Among the lines below, copy each one in which "Prop" appears.

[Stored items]
=====
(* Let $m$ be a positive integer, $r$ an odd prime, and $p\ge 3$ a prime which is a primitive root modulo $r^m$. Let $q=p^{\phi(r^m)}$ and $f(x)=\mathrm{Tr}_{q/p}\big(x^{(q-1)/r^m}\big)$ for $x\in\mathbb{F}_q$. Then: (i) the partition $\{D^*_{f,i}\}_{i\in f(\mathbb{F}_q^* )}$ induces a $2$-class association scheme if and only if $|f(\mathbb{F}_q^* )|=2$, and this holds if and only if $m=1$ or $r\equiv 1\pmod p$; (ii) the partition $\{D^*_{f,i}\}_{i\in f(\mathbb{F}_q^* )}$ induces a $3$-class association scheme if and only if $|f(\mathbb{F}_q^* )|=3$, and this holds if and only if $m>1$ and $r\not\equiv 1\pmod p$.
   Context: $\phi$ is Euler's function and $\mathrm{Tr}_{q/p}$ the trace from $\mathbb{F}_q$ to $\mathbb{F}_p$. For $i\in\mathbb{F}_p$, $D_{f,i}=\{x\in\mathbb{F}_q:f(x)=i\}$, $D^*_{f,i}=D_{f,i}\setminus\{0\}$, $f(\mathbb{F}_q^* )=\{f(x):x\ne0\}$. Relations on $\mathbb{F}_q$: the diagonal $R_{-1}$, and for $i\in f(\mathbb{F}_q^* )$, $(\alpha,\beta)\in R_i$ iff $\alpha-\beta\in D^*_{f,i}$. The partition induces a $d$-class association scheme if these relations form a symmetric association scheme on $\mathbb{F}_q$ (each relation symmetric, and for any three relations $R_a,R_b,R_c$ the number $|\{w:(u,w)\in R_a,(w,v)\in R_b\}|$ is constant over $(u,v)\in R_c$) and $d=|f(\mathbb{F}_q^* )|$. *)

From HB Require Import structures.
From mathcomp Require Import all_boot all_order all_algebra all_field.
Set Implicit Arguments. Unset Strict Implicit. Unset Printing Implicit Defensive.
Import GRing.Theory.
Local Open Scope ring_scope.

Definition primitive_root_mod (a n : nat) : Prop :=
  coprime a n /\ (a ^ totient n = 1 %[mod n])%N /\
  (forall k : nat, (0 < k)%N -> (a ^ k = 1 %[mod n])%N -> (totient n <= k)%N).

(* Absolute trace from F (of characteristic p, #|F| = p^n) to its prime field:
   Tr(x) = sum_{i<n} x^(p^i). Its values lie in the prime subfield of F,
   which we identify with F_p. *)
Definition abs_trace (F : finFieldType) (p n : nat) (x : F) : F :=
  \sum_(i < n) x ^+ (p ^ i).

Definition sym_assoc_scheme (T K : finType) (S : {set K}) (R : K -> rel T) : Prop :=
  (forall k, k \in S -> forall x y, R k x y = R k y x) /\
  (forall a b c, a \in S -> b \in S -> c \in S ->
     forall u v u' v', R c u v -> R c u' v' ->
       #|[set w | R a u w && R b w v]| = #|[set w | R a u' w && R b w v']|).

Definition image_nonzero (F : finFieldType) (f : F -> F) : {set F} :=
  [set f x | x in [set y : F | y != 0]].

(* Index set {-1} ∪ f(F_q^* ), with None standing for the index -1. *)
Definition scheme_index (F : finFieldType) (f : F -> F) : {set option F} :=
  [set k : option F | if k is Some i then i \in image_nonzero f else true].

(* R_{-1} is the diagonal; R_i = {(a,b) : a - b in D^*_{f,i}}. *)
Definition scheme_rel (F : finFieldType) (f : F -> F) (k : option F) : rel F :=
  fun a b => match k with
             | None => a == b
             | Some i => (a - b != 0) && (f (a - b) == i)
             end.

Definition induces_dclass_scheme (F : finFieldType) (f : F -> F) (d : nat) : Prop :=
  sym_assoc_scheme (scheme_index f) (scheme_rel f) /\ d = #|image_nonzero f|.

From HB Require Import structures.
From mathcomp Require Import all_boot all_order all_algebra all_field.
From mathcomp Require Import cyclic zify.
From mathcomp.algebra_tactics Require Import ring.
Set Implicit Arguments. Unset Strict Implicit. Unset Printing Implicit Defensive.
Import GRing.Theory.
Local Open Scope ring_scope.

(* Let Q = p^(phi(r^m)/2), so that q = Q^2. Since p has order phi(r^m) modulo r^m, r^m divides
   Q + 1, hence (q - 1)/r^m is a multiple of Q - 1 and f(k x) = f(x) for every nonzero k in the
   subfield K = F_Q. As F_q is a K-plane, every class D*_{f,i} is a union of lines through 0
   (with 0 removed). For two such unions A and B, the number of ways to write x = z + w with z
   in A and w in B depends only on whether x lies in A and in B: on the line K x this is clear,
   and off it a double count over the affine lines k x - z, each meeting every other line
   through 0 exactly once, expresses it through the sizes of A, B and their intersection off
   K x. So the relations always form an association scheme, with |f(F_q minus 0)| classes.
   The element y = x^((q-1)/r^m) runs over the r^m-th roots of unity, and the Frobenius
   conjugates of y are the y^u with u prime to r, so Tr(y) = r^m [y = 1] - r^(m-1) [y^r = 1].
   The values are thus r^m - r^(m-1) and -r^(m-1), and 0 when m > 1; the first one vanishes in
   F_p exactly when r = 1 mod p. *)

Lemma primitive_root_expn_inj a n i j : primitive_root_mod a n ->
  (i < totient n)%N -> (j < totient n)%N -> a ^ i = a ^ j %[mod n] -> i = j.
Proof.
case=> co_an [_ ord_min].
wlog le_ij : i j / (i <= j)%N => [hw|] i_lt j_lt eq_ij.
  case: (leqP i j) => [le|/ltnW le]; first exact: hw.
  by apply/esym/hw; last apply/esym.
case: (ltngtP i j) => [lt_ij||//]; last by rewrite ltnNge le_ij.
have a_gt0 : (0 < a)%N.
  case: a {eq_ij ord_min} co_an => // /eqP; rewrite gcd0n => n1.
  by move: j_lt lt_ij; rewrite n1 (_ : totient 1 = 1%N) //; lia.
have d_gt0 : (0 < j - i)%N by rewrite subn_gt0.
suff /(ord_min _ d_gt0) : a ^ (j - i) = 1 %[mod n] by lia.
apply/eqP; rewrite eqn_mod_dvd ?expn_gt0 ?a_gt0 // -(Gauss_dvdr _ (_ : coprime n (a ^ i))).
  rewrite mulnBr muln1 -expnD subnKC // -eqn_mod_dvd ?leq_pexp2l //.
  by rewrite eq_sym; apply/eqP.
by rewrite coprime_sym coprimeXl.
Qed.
=====
EXERCISE OUTPUT
Definition primitive_root_mod (a n : nat) : Prop :=
Definition sym_assoc_scheme (T K : finType) (S : {set K}) (R : K -> rel T) : Prop :=
Definition induces_dclass_scheme (F : finFieldType) (f : F -> F) (d : nat) : Prop :=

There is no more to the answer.